On April 8, 1974, Congress amended the adea so as to make it applicable to the states as employers, effective May 1, 1974. 29 USC 630(b). The commission’s modification, having already been approved, took effect as scheduled on July 1, 1974, two months after the effective date of the pertinent amendment to the adea. Soon after, in the fall of 1974, the modification in the group insurance plan drew complaints. It was suggested that Michigan was not in compliance with the adea. The State Compensation Advisory Board recommended that the plan be rescinded. However, the plan remained viable until December, 1975, when, incidentally, one month after this lawsuit was filed, defendant commission rescinded the modification. Defendant *236commission ordered that, effective October 1, 1976, each active state employee, regardless of age, receive a life insurance benefit equal to his or her salary rounded up to the next thousand dollars.
In November, 1975, the employees association and one Russ Wright filed suit in Ingham Circuit Court on behalf of all other state employees age sixty-one or older who were similarly situated, alleging, among other things, that the modified insurance plan violated the adea. Defendant Civil Service Commission counterclaimed that, if it was liable to the employees association, the employees association, in turn, should be liable to it because members of the association participated in developing the modified plan. The circuit court thereafter confirmed the class. Approximately 1,100 potential class members responded to the notice. The following years saw the wheat separated from the chaff until the list of class members ultimately was winnowed down to a mere 146.
On April 2, 1985, the Ingham Circuit Court ruled that it did not have subject-matter jurisdiction to hear the case, but transferred the case to the Court of Claims under MCR 2.227 to be heard by the same judge who had been hearing it as a circuit judge.
On September 25, 1985, following a bench trial on the liability issue, the court found that the insurance modification plan violated the adea and dismissed the Civil Service Commission’s counterclaim. In its order of October 23, 1985, the court provided that members of the class could collect both compensatory and liquidated damages if they could prove them.
Trial as to damages continued. By order dated October 22, 1986, the court held that the proper measure of damages for employees who had purchased replacement insurance would be the premi*237ums paid for such insurance. Damages for the beneficiaries of employees who had died without purchasing replacement insurance would be the premiums not paid by defendant commission as a result of the modification. On January 7, 1987, the court awarded $2,227.66 in compensatory and liquidated damages to nineteen class members, but entered a judgment against the remaining 127 members.
On January 27, 1987, the commission appealed the judgments entered January 7, 1987, and October 23, 1985, and orders confirming the class and transferring the case to the Court of Claims.
On January 29, 1987, the employees association moved to amend the judgment, for partial relief from the judgment, and for costs.
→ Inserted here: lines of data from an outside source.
Lemma sum_periodic_mull k : coprime k p ->
  \sum_(0 <= i < p) h (k * i)%N = \sum_(0 <= i < p) h i.
Proof.
move=> co_kp; have [->|p_gt0] := posnP p; first by rewrite !big_geq.
pose mulk (j : 'I_p) : 'I_p := Ordinal (ltn_pmod (k * j) p_gt0).
have mulk_inj : injective mulk.
  by move=> x y /(congr1 val)/eqP; rewrite /= eqn_mod_mull // => /eqP/val_inj.
rewrite !big_mkord [RHS](reindex_inj mulk_inj).
by apply: eq_bigr => i _; rewrite periodic_mod.
Qed.

End PeriodicSums.

Definition label_weight (p s : nat) : int :=
  if (p %| s)%N then 1 else - legendre p s.

Lemma legendre_mod p s : legendre p (s %% p) = legendre p s.
Proof. by rewrite /legendre /quad_res dvdn_modl modn_mod. Qed.

Lemma label_weight_addr p s : label_weight p (s + p) = label_weight p s.
Proof.
by rewrite /label_weight dvdn_addl // -legendre_mod modnDr legendre_mod.
Qed.

(* The sum of [g (x + y)] over ordered pairs of distinct [x, y] in [[1, m]]. *)
Definition pair_sum (g : nat -> int) (m : nat) : int :=
  \sum_(0 <= a < m) \sum_(0 <= b < m) g (a + b + 2)%N
  - \sum_(0 <= a < m) g (2 * a + 2)%N.

Section LabelWeightSums.
Variable p : nat.
Hypotheses (p_prime : prime p) (p_odd : odd p).

Lemma sum_label_weight : \sum_(0 <= i < p) label_weight p i = 1.
Proof.
have p_gt0 := prime_gt0 p_prime.
have legendre0 : legendre p 0 = 0 by rewrite /legendre dvdn0.
have := sum_legendre p_prime p_odd.
rewrite -(big_mkord xpredT (legendre p)) big_ltn // legendre0 add0r => sum_eq0.
rewrite big_ltn // {1}/label_weight dvdn0.
rewrite (eq_big_nat _ _ (F2 := fun i => - legendre p i)) => [|i /andP[i_gt0 lt_ip]].
  by rewrite sumrN sum_eq0 oppr0 addr0.
by rewrite /label_weight small_dvdn_eq0 // eqn0Ngt i_gt0.
Qed.

Lemma sum_window_label_weight k m :
  \sum_(m <= b < m + p) label_weight p (b + k) = 1.
Proof.
rewrite (@sum_periodic_window _ p (fun b => label_weight p (b + k))) => [|s].
  by rewrite sum_periodic_shift ?sum_label_weight // => s; rewrite label_weight_addr.
by rewrite addnAC label_weight_addr.
Qed.

Lemma sum_window_label_weight_double m :
  \sum_(m <= a < m + p) label_weight p (2 * a + 2) = 1.
Proof.
have p_coprime2 : coprime 2 p by rewrite prime_coprime // dvdn2 p_odd.
rewrite (@sum_periodic_window _ p (fun a => label_weight p (2 * a + 2))) => [|s].
  rewrite (@sum_periodic_mull _ p (fun j => label_weight p (j + 2))) // => [|s].
    by rewrite sum_periodic_shift ?sum_label_weight // => s; rewrite label_weight_addr.
  by rewrite addnAC label_weight_addr.
by rewrite (_ : 2 * (s + p) + 2 = 2 * s + 2 + p + p)%N ?label_weight_addr //; lia.
Qed.

Lemma pair_sum_addp m :
  pair_sum (label_weight p) (m + p) = pair_sum (label_weight p) m + m%:R *+ 2 + p%:R - 1.
Proof.
have split_sum (F : nat -> int) :
    \sum_(0 <= a < m + p) F a = \sum_(0 <= a < m) F a + \sum_(m <= a < m + p) F a.
  by rewrite (@big_cat_nat _ _ _ m) // leq_addr.
have window_r a : \sum_(m <= b < m + p) label_weight p (a + b + 2) = 1.
  by rewrite -(sum_window_label_weight (a + 2) m); apply: eq_bigr => b _; rewrite addnAC addnC addnA.
have window_l a : \sum_(m <= b < m + p) label_weight p (b + a + 2) = 1.
  by rewrite -(sum_window_label_weight (a + 2) m); apply: eq_bigr => b _; rewrite addnA.
rewrite /pair_sum split_sum sum_window_label_weight_double.
rewrite (split_sum (fun a => \sum_(0 <= b < m + p) label_weight p (a + b + 2))).
under eq_bigr do rewrite split_sum window_r.
under [X in _ + X - _]eq_bigr do rewrite split_sum window_r.
rewrite !big_split /= [X in _ + (X + _) - _]exchange_big_nat /=.
under [X in _ + (X + _) - _]eq_bigr do rewrite window_l.
by rewrite !sumr_const_nat subn0 addKn mulr2n; ring.
Qed.

Lemma pair_sum_addMp r q :
  pair_sum (label_weight p) (r + q * p) =
  pair_sum (label_weight p) r + (r%:R * q%:R) *+ 2 + p%:R * q%:R ^+ 2 - q%:R.
Proof.
elim: q => [|q IHq]; first by rewrite mul0n addn0 mulr2n; ring.
by rewrite mulSnr addnA pair_sum_addp IHq natrD natrM -(addn1 q) natrD !mulr2n; ring.
Qed.

End LabelWeightSums.

(* For [s] in [[1, 2r + 1]], the number of ordered pairs of distinct [x, y]
   in [[1, r]] with [x + y = s]. *)
Definition pair_count (r s : nat) : int :=
  (if (s < r.+2)%N then s%:Z - 1 else 2 * r%:Z + 1 - s%:Z) - delta s.

Lemma delta_odd s : odd s -> delta s = 0.
Proof. by rewrite /delta => ->. Qed.

Lemma pair_countS r s : (s < (2 * r).+2)%N ->
  pair_count r.+1 s = pair_count r s + ((r.+2 <= s)%N)%:R *+ 2.
Proof.
move=> lt_s; rewrite /pair_count.
by case: (ltnP s r.+2) => h2; case: (ltnP s r.+3) => h3 /=; rewrite mulr2n; lia.
Qed.

Lemma pair_count_top r : pair_count r.+1 (2 * r).+2 = 0 /\ pair_count r.+1 (2 * r).+3 = 0.
Proof.
rewrite /pair_count /delta !oddS oddM /=.
by split; case: ifP => h; lia.
Qed.

Lemma pair_sumS (g : nat -> int) r :
  pair_sum g r.+1 = pair_sum g r + (\sum_(r.+2 <= s < (2 * r).+2) g s) *+ 2.
Proof.
have shifted (F : nat -> nat) : (forall i, F i = i + r.+2)%N ->
    \sum_(0 <= i < r) g (F i) = \sum_(r.+2 <= s < (2 * r).+2) g s.
  move=> FE; rewrite (_ : (2 * r).+2 = r + r.+2)%N; last by lia.
  by rewrite -{1}[r.+2]add0n big_addn addnK; apply: eq_bigr => i _; rewrite FE.
rewrite /pair_sum big_nat_recr //= [X in _ - X]big_nat_recr //=.
under eq_bigr do rewrite big_nat_recr //=.
rewrite big_nat_recr //= big_split /=.
rewrite (shifted (fun i => i + r + 2)%N) => [|i]; last by lia.
rewrite (shifted (fun i => r + i + 2)%N) => [|i]; last by lia.
by rewrite (_ : (r + r + 2 = 2 * r + 2)%N) ?mulr2n; [ring | lia].
Qed.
On February 6, 1987, the association asked for attorney fees. By order dated March 6, 1987, the court granted the motions to amend judgment and for attorney fees, but denied the motions for costs and for partial relief from the judgment. The commission also appeals from this order. The association cross-appeals from the order of January 7, 1987, and the order of March 6, 1987, denying its motion for partial relief from judgment, challenging the measure of damages.
On appeal, the parties raise several issues. First, did the circuit court err in holding that the Court of Claims had subject-matter jurisdiction? We hold that it did not.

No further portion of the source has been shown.